How do the lines below between the ones holding "have -> : [set" and "Lemma eta_le : 0 < #|T| ->", inclusive, read? Give them again exactly, with no other lines.

______

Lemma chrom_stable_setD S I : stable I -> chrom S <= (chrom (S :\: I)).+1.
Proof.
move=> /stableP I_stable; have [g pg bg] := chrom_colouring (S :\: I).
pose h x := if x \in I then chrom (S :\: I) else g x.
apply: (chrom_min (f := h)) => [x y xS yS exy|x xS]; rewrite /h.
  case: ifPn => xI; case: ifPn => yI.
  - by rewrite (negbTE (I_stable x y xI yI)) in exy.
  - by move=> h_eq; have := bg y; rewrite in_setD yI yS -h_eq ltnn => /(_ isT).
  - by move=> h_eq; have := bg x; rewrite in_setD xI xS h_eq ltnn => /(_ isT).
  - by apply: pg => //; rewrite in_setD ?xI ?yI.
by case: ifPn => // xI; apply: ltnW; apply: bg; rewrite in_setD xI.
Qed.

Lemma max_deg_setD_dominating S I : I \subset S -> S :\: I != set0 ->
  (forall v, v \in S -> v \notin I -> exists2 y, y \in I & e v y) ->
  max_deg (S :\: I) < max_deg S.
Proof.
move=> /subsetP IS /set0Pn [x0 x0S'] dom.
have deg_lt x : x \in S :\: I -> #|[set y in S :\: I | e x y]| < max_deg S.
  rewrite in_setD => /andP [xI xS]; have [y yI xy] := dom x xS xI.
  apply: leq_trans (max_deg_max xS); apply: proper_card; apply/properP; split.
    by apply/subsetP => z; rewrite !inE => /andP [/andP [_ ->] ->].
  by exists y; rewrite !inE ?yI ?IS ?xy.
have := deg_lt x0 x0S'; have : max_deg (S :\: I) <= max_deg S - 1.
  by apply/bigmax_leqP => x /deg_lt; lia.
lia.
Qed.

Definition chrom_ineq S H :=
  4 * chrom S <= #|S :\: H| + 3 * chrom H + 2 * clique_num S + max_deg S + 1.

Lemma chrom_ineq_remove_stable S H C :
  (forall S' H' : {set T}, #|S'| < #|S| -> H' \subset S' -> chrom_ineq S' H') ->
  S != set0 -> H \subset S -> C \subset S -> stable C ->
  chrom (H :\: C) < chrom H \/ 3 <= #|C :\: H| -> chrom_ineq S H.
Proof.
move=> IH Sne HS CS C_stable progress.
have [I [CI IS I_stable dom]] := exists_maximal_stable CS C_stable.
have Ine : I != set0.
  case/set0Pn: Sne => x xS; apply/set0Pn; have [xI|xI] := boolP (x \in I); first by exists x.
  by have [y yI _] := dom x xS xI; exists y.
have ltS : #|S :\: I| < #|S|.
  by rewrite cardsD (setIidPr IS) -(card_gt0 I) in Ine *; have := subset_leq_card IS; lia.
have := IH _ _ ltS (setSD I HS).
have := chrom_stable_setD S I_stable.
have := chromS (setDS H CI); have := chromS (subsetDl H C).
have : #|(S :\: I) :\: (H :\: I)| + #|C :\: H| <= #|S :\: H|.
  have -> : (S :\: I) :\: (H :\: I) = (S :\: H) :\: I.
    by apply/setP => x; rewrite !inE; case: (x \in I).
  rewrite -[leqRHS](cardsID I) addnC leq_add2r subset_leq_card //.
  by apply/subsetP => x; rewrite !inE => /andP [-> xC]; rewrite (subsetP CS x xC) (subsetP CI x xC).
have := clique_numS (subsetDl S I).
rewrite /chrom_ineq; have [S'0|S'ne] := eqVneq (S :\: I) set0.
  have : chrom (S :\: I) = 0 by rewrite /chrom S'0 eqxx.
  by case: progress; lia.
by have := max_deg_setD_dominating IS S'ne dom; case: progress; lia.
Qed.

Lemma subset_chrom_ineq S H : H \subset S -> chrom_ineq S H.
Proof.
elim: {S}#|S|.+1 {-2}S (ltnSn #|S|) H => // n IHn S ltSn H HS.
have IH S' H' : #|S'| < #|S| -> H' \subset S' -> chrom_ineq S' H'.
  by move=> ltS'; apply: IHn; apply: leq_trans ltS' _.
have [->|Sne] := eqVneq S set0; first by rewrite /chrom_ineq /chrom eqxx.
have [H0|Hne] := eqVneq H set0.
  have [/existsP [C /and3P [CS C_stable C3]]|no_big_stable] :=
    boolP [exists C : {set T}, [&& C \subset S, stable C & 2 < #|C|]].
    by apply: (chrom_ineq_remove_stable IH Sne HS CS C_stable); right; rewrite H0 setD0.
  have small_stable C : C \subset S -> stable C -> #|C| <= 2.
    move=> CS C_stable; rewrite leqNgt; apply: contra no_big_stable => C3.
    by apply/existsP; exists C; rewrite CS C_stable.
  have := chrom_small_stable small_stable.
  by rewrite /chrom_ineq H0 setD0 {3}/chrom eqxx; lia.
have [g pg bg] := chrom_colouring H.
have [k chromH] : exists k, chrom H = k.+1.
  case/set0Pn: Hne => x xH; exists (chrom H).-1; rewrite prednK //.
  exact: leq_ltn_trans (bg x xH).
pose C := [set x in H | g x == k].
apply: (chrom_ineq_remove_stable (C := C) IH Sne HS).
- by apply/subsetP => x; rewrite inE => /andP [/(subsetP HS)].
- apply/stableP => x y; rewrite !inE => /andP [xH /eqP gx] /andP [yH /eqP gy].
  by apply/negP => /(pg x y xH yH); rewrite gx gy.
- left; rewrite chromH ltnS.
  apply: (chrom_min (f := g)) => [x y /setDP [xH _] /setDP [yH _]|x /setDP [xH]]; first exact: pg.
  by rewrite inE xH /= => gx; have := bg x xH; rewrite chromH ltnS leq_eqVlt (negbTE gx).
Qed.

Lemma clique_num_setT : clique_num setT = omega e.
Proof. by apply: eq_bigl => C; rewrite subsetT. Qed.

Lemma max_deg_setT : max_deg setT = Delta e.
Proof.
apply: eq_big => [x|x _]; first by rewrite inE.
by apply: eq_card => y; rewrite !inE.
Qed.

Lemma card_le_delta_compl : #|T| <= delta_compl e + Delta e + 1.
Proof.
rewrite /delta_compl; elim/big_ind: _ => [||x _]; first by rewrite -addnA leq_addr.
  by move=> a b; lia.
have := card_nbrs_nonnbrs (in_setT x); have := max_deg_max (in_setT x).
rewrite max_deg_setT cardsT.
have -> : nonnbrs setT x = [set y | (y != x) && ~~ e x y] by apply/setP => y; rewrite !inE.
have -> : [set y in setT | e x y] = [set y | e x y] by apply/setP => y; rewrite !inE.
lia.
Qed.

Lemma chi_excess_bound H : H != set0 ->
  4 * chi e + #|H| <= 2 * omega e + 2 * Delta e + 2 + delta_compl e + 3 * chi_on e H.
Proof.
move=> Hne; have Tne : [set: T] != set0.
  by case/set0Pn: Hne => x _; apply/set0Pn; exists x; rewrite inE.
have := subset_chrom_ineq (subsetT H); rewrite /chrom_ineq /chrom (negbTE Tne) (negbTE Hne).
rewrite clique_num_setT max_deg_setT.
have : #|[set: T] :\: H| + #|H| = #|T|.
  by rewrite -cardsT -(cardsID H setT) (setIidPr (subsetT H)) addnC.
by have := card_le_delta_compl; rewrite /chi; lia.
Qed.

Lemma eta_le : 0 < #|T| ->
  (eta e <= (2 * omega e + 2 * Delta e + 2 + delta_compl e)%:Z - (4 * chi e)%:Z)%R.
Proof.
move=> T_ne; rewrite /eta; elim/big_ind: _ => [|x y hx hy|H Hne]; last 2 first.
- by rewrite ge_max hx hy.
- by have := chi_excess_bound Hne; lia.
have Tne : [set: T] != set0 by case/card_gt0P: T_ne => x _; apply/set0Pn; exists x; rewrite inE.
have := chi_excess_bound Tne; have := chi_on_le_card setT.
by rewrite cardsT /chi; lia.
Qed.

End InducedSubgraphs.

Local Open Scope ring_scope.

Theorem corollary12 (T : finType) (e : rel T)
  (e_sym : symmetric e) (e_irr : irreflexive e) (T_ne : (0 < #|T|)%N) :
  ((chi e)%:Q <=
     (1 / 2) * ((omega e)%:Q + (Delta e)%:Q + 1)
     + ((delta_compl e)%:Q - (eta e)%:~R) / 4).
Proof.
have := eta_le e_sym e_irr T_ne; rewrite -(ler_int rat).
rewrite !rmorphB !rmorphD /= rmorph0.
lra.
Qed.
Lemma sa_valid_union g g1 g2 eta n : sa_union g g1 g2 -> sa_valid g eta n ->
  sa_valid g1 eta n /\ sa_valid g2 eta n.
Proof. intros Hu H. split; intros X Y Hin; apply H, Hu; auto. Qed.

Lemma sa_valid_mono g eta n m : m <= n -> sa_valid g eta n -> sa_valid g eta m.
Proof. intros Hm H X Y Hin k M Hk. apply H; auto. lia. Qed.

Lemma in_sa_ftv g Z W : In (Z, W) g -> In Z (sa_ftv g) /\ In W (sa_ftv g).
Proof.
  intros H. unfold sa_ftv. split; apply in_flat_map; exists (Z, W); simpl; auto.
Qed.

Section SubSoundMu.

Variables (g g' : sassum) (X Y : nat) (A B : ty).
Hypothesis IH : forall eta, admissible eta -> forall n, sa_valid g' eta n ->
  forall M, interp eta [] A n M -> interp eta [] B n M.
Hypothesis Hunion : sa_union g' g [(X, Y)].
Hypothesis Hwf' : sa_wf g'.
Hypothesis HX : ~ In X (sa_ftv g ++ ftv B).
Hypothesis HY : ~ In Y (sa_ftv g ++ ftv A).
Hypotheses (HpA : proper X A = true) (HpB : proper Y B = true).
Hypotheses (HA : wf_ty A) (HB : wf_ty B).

______

Task output >>
have -> : [set y in setT | e x y] = [set y | e x y] by apply/setP => y; rewrite !inE.
lia.
Qed.

Lemma chi_excess_bound H : H != set0 ->
  4 * chi e + #|H| <= 2 * omega e + 2 * Delta e + 2 + delta_compl e + 3 * chi_on e H.
Proof.
move=> Hne; have Tne : [set: T] != set0.
  by case/set0Pn: Hne => x _; apply/set0Pn; exists x; rewrite inE.
have := subset_chrom_ineq (subsetT H); rewrite /chrom_ineq /chrom (negbTE Tne) (negbTE Hne).
rewrite clique_num_setT max_deg_setT.
have : #|[set: T] :\: H| + #|H| = #|T|.
  by rewrite -cardsT -(cardsID H setT) (setIidPr (subsetT H)) addnC.
by have := card_le_delta_compl; rewrite /chi; lia.
Qed.

Lemma eta_le : 0 < #|T| ->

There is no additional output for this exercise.